<<<<

Definition horizontal_ray (t : T) : nat -> T * nat := fun n => (t, n).

End Trees.

Section Ends.
Variable V : Type.
Variable E : V -> V -> Prop.

Definition is_ray (r : nat -> V) : Prop :=
  (forall m n, r m = r n -> m = n) /\ (forall n, E (r n) (r (S n))).

Inductive walk : V -> V -> list V -> Prop :=
| walk_one x : walk x x [x]
| walk_cons x y z l : E x y -> walk y z l -> walk x z (x :: l).

Definition is_path (x y : V) (l : list V) : Prop := walk x y l /\ NoDup l.

Definition ray_equiv (r1 r2 : nat -> V) : Prop :=
  exists P : nat -> list V,
    (forall k, exists a b, is_path (r1 a) (r2 b) (P k)) /\
    (forall k k', k <> k' -> forall v, In v (P k) -> ~ In v (P k')).

Definition disjoint_family {I : Type} (F : I -> nat -> V) : Prop :=
  forall i j, i <> j -> forall m n, F i m <> F j n.

(* the end of the ray r0 has degree |A|: the maximum number of disjoint rays
   in it is |A| (there is a family of |A| disjoint rays in it, and every
   family of disjoint rays in it injects into A) *)
Definition end_degree_is (r0 : nat -> V) (A : Type) : Prop :=
  (exists F : A -> nat -> V,
     (forall a, is_ray (F a) /\ ray_equiv (F a) r0) /\ disjoint_family F) /\
  (forall (I : Type) (F : I -> nat -> V),
     (forall i, is_ray (F i) /\ ray_equiv (F i) r0) -> disjoint_family F ->
     exists g : I -> A, forall i j, g i = g j -> i = j).
End Ends.
(* Let $p$ be a prime and $G=C_p\times C_p$. Then there are exactly $2^{p+2}+p+1$ $G$-transfer systems. Moreover, the lattice $\mathrm{Tr}(G)$ (ordered by inclusion of relations) is the disjoint union of three subsets $B$, $M$, $T$ where $B$ and $T$ are each (as subposets) isomorphic to the Boolean lattice $[1]^{p+1}$, $M$ consists of $p+1$ elements, and the covering relations of $\mathrm{Tr}(G)$ are exactly the covering relations internal to $B$, the covering relations internal to $T$, and the following: (i) the $p+1$ elements of $B$ covered by $\max B$ are put in bijection with the elements of $M$, and each element of $M$ covers exactly its corresponding element of $B$; (ii) the $p+1$ elements of $T$ covering $\min T$ are put in bijection with the elements of $M$, and each such element of $T$ covers exactly its corresponding element of $M$; (iii) $\min T$ covers $\max B$.
   Context: For a finite lattice $(P,\le)$, a transfer system on $P$ is a partial order $R$ on $P$ refining $\le$ (i.e. $x\,R\,y\Rightarrow x\le y$) that is closed under restriction: if $x\,R\,z$ and $y\le z$ then $(x\wedge y)\,R\,y$. For a finite group $G$, a $G$-transfer system is a transfer system on the subgroup lattice $\mathrm{Sub}(G)$ that is moreover closed under conjugation (if $H\,R\,K$ then $gHg^{-1}\,R\,gKg^{-1}$ for all $g\in G$). $\mathrm{Tr}(G)$ denotes the set of $G$-transfer systems, partially ordered by $R\le R'$ iff every relation of $R$ is a relation of $R'$; it is a lattice. *)

From mathcomp Require Import all_boot all_fingroup all_algebra all_solvable.
Set Implicit Arguments. Unset Strict Implicit. Unset Printing Implicit Defensive.
Local Open Scope group_scope.
Lemma bool_variance (r phi : bool -> R) : \sum_b r b = 1 ->
  \sum_b r b * (phi b - \sum_b' r b' * phi b') ^+ 2 =
  r true * r false * (phi true - phi false) ^+ 2.
Proof.
rewrite !big_bool /= => r_sum1.
have -> : r false = 1 - r true by rewrite -r_sum1; ring.
ring.
Qed.

Section ChainRule.
Variables (A : finType) (T : nat) (p : 'I_T -> {ffun 'I_T -> A} -> A -> R).
Hypothesis p_sum1 : forall t x, \sum_a p t x a = 1.
Hypothesis p_causal : forall (t : 'I_T) (x y : {ffun 'I_T -> A}),
  (forall s : 'I_T, (s < t)%N -> x s = y s) -> p t x = p t y.

Definition set_at (x : {ffun 'I_T -> A}) (k : 'I_T) (a : A) : {ffun 'I_T -> A} :=
  [ffun s => if s == k then a else x s].

Lemma set_at_set_at x (k : 'I_T) a b : set_at (set_at x k a) k b = set_at x k b.
Proof. by apply/ffunP => s; rewrite !ffunE; case: eqP. Qed.

Lemma set_at_eq x (k : 'I_T) a : (set_at x k a == x) = (x k == a).
Proof.
apply/eqP/eqP => [<-|<-]; first by rewrite ffunE eqxx.
by apply/ffunP => s; rewrite ffunE; case: eqP => [->|].
Qed.

Lemma set_at_lt x (k s : 'I_T) a : (s < k)%N -> set_at x k a s = x s.
Proof. by move=> lt_sk; rewrite ffunE ifF // -val_eqE /= ltn_eqF. Qed.

Section AgreeFrom.
Variable x0 : {ffun 'I_T -> A}.

Definition agree_from (k : nat) (x : {ffun 'I_T -> A}) :=
  [forall s : 'I_T, (k <= s)%N ==> (x s == x0 s)].

Lemma agree_fromS (k : 'I_T) x :
  agree_from k x = agree_from k.+1 x && (x k == x0 k).
Proof.
apply/forallP/andP => [h|[/forallP h xk] s].
  split; last exact: (implyP (h k)).
  by apply/forallP => s; apply/implyP => /ltnW; apply/implyP.
apply/implyP; rewrite leq_eqVlt => /orP[/eqP/val_inj <- //|].
exact/implyP.
Qed.

Lemma agree_fromS_set_at (k : 'I_T) x a :
  agree_from k.+1 (set_at x k a) = agree_from k.+1 x.
Proof.
apply: eq_forallb => s; case: (ltnP k s) => //= lt_ks.
by rewrite ffunE ifF // -val_eqE /= gtn_eqF.
Qed.

Lemma sum_agree_fromS (k : 'I_T) (F : {ffun 'I_T -> A} -> R) :
  \sum_(x | agree_from k.+1 x) F x = \sum_a \sum_(y | agree_from k y) F (set_at y k a).
Proof.
rewrite (partition_big (fun x : {ffun 'I_T -> A} => x k) predT) //=; apply: eq_bigr => a _.
rewrite (reindex_onto (fun y => set_at y k a) (fun x => set_at x k (x0 k)))
  => [|x /andP[_ /eqP <-]].
  apply: eq_bigl => y; rewrite agree_fromS_set_at set_at_set_at set_at_eq.
  by rewrite ffunE !eqxx andbT agree_fromS.
by rewrite set_at_set_at; apply/eqP; rewrite set_at_eq.
Qed.

Lemma sum_prod_causal_from k : (k <= T)%N ->
  \sum_(x | agree_from k x) \prod_(t : 'I_T | (t < k)%N) p t x (x t) = 1.
Proof.
elim: k => [_|k IHk lt_kT].
  rewrite (big_pred1 x0) => [|x]; first by rewrite big_pred0.
  apply/forallP/eqP => [h|-> s]; last by rewrite eqxx implybT.
  by apply/ffunP => s; apply/eqP/(implyP (h s)).
pose kk := Ordinal lt_kT.
rewrite (sum_agree_fromS kk) -[RHS](IHk (ltnW lt_kT)) exchange_big.
apply: eq_bigr => y _.
have peel a : \prod_(t : 'I_T | (t < k.+1)%N) p t (set_at y kk a) (set_at y kk a t) =
              p kk y a * \prod_(t : 'I_T | (t < k)%N) p t y (y t).
  rewrite (bigD1 kk) //= ffunE eqxx; congr (_ * _).
    by rewrite (p_causal _ _ y) // => s; apply: set_at_lt.
  rewrite (eq_bigl (fun t : 'I_T => (t < k)%N)) => [|t]; last first.
    by rewrite ltnS -val_eqE /= andbC -ltn_neqAle.
  apply: eq_bigr => t lt_tk; rewrite set_at_lt //.
  rewrite (p_causal _ _ y) // => s lt_st; apply: set_at_lt.
  exact: ltn_trans lt_tk.
by under eq_bigr do rewrite peel; rewrite -mulr_suml p_sum1 mul1r.
Qed.

End AgreeFrom.

(* [a0] only witnesses that [A] is inhabited: otherwise the sum is empty when [T > 0]. *)
Lemma sum_prod_causal (a0 : A) : \sum_x \prod_t p t x (x t) = 1.
Proof.
rewrite -[RHS](@sum_prod_causal_from [ffun => a0] T (leqnn T)); apply: eq_big => [x|x _].
  by symmetry; apply/forallP => s; rewrite leqNgt ltn_ord.
by apply: eq_bigl => t; rewrite ltn_ord.
Qed.

End ChainRule.

Section DesignNormalization.
Variables (N T : nat) (d : design N T) (Y : tmat N T -> omat N T).
Hypothesis d_valid : valid_design d.
Hypothesis Y_cellwise : forall (W W' : tmat N T) c, W c = W' c -> Y W c = Y W' c.

Definition unrows (X : {ffun 'I_T -> {ffun 'I_N -> bool}}) : tmat N T :=
  [ffun c => X c.2 c.1].

Lemma unrows_bij : bijective unrows.
Proof.
exists (fun W => [ffun t => row_at W t]) => [X|W]; apply/ffunP.
  by move=> t; apply/ffunP => i; rewrite !ffunE.
by case=> i t; rewrite !ffunE.
Qed.

Lemma row_at_unrows X t : row_at (unrows X) t = X t.
Proof. by apply/ffunP => i; rewrite !ffunE. Qed.

Lemma sum_prod_dprob :
  \sum_(W : tmat N T) \prod_t dprob d t W (Y W) (row_at W t) = 1.
Proof.
rewrite (reindex unrows); last exact/onW_bij/unrows_bij.
under eq_bigr do under eq_bigr do rewrite row_at_unrows.
apply: (@sum_prod_causal _ T (fun t X => dprob d t (unrows X) (Y (unrows X))))
  => [t X|t X X' eqX|]; last exact: [ffun => false].
  exact: (d_valid.1 t _ _).2.
apply: d_valid.2 => i s lt_st.
have eq_is : unrows X (i, s) = unrows X' (i, s) by rewrite !ffunE /= eqX.
by split; last exact: Y_cellwise.
Qed.

End DesignNormalization.

(* [%R] is needed: under the ascription [: R] Stdlib binds [R_scope], where [/] is [Rdiv]. *)
Definition q (b s : bool) : R := (if s == b then 3 / 4 else 1 / 4)%R.

Lemma q_ge0 b s : 0 <= q b s.
Proof. by rewrite /q; case: ifP => _; lra. Qed.

Lemma q_sum1 b : \sum_s q b s = 1.
Proof. by rewrite big_bool /q; case: b => /=; lra. Qed.

Lemma q_sum1_param s : \sum_b q b s = 1.
Proof. by rewrite big_bool /q; case: s => /=; lra. Qed.

Section HardInstance.
Variables N T : nat.

Section FixedParameters.
Variable th : {ffun cell N T -> bool}.

Definition param (i : 'I_N) (k : nat) : bool :=
  if insub k is Some t then th (i, t) else false.

Lemma paramE i (t : 'I_T) : param i t = th (i, t).
Proof. by rewrite /param valK. Qed.

(* The kernel of round [t] draws the state of round [t.+1]. *)
Definition hard_inst : instance N T :=
  @Instance N T bool
    (fun i => q (param i 0))
    (fun i t _ _ => q (param i t.+1))
    (fun _ _ s w => (s == w)%:R)
    unit
    (fun _ _ _ _ _ => 1)
    (fun _ _ _ _ _ => 0).

Lemma hard_inst_ok sigma tmix : 0 <= sigma -> model_ok sigma tmix hard_inst.
Proof.
move=> sigma_ge0.
have q_distr b : is_distr (q b) by split; [exact: q_ge0 | exact: q_sum1].
split; first by move=> i; exact: q_distr.
split; first by move=> i t w s; exact: q_distr.
split; first by move=> i t s w /=; case: (s == w); rewrite ?ler01 ?lexx.
split.
  by move=> i t s w; split=> [a|] /=; rewrite ?ler01 // big_const card_unit /= addr0.
split; first by move=> i t s w; rewrite big1 // => e _; rewrite mulr0.
split; first by move=> i t s w; rewrite big1 ?sqr_ge0 // => e _; rewrite expr0n mulr0.
move=> i t w f g [_ f_sum1] [_ g_sum1].
have push_const h : \sum_s h s = 1 -> push (kern hard_inst i t w) h =1 q (param i t.+1).
  by move=> h_sum1 s; rewrite /push /= -mulr_suml h_sum1 mul1r.
have -> : dTV (push (kern hard_inst i t w) f) (push (kern hard_inst i t w) g) = 0.
  (* [dTV] is written under [R_scope], so its outer product is [Rmult]. *)
  by rewrite /dTV big1 ?Rmult_0_r // => s _; rewrite !push_const // subrr normr0.
apply: mulr_ge0; first exact/RleP/Rlt_le/exp_pos.
by apply: mulr_ge0; [lra | apply: sumr_ge0].
Qed.

Definition obs (W : tmat N T) (S : {ffun cell N T -> bool}) : omat N T :=
  fun c => (S c == W c)%:R.

Definition design_prob (d : design N T) W S : R :=
  \prod_t dprob d t W (obs W S) (row_at W t).

Definition state_prob (S : {ffun cell N T -> bool}) : R := \prod_c q (th c) (S c).

Lemma outcome_hard W S E : outcome hard_inst W S E = obs W S.
Proof. by apply: functional_extensionality => c; rewrite /outcome /= addr0. Qed.

Lemma cell_law_hard i (t : 'I_T) s :
  (if val t is 0 then q (param i 0) s else q (param i (prev_round t).+1) s) =
  q (th (i, t)) s.
Proof.
rewrite -paramE; case: t => [[|k] lt_kT] //=.
by rewrite /prev_round val_insubd /= (ltnW lt_kT).
Qed.

Lemma traj_prob_hard d W S E :
  traj_prob hard_inst d W S E = design_prob d W S * state_prob S.
Proof.
rewrite /traj_prob big_split /= outcome_hard; congr (_ * _).
under eq_bigr do under eq_bigr do rewrite cell_law_hard mulr1.
by rewrite exchange_big pair_big /=; apply: eq_bigr => -[i t].
Qed.

Lemma expect_hard d F : expect hard_inst d F =
  \sum_W \sum_S design_prob d W S * state_prob S * F W (obs W S).
Proof.
apply: eq_bigr => W _; apply: eq_bigr => S _.
rewrite (big_pred1 [ffun => tt]) ?traj_prob_hard ?outcome_hard // => E /=.
by symmetry; apply/eqP/ffunP => c; rewrite ffunE; case: (E c).
Qed.

Lemma design_prob_const w W S :
  design_prob (const_design w) W S = (W == [ffun => w])%:R.
Proof.
rewrite /design_prob /=; have [->|neq_W] := eqVneq W [ffun => w].
  by rewrite big1 // => t _; rewrite ifT //; apply/eqP/ffunP => i; rewrite !ffunE.
have /existsP[[i t] neq_it] : [exists c, W c != w].
  apply: contraNT neq_W => /existsPn W_const; apply/eqP/ffunP => c.
  by rewrite ffunE; apply/eqP/negPn/W_const.
rewrite (bigD1 t) //= ifF ?mul0r //; apply: contraNF neq_it => /eqP/ffunP/(_ i).
by rewrite !ffunE => ->.
Qed.

Lemma expect_const_outcome w c :
  expect hard_inst (const_design w) (fun _ Y => Y c) = q (th c) w.
Proof.
rewrite expect_hard (bigD1 [ffun => w]) //= [X in _ + X]big1 ?addr0 => [|W neq_W];
  last first.
  by apply: big1 => S _; rewrite design_prob_const (negPf neq_W) !mul0r.
under eq_bigr do rewrite design_prob_const eqxx mul1r /obs ffunE.
rewrite (@sum_prodw_coord _ _ (fun c => q (th c)) (fun c => q_sum1 (th c)) c
          (fun s => (s == w)%:R)).
by rewrite big_bool; case: w; rewrite /= ?mulr1 ?mulr0 ?addr0 ?add0r.
Qed.

Lemma gate_hard :
  gate hard_inst = (N%:R * T%:R)^-1 * \sum_c (q (th c) true - q (th c) false).
Proof. by congr (_ * _); apply: eq_bigr => c _; rewrite !expect_const_outcome. Qed.

End FixedParameters.

Variables (d : design N T) (est : estimator N T).
Hypothesis d_valid : valid_design d.

Let n : R := (N%:R * T%:R)%R.

Lemma posterior_risk_ge S a :
  3 / 16 / n <= \sum_th state_prob th S * (a - gate (hard_inst th)) ^+ 2.
Proof.
pose r c b := q b (S c).
have r_sum1 c : \sum_b r c b = 1 by exact: q_sum1_param.
pose phi (c : cell N T) b := n^-1 * (q b true - q b false).
have -> : \sum_th state_prob th S * (a - gate (hard_inst th)) ^+ 2 =
          \sum_th @prodw _ _ r th * (a - \sum_c phi c (th c)) ^+ 2.
  by apply: eq_bigr => th _; rewrite gate_hard mulr_sumr.
have <- : \sum_c \sum_b r c b * (phi c b - \sum_b' r c b' * phi c b') ^+ 2 = 3 / 16 / n.
  under eq_bigr => c _ do rewrite (bool_variance _ (phi c) (r_sum1 c)).
  rewrite (eq_bigr (fun _ => 3 / 16 * n^-1 ^+ 2)) => [|c _]; last first.
    (* Naming [n^-1] keeps [field] from requiring [n != 0]. *)
    by rewrite /r /phi /q; set m := n^-1; case: (S c) => /=; field.
  rewrite sumr_const card_prod !card_ord -[_ *+ (N * T)]mulr_natr natrM -/n.
  have [->|n_neq0] := eqVneq n 0; first by rewrite invr0 expr0n /= !mulr0.
  by field.
exact: sum_prodw_sqr_ge.
Qed.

>>>>

## PROBLEM DETAILS
The answer must consist solely of the number of lines in the listing that include the string "true".

## EXPECTED ANSWER
4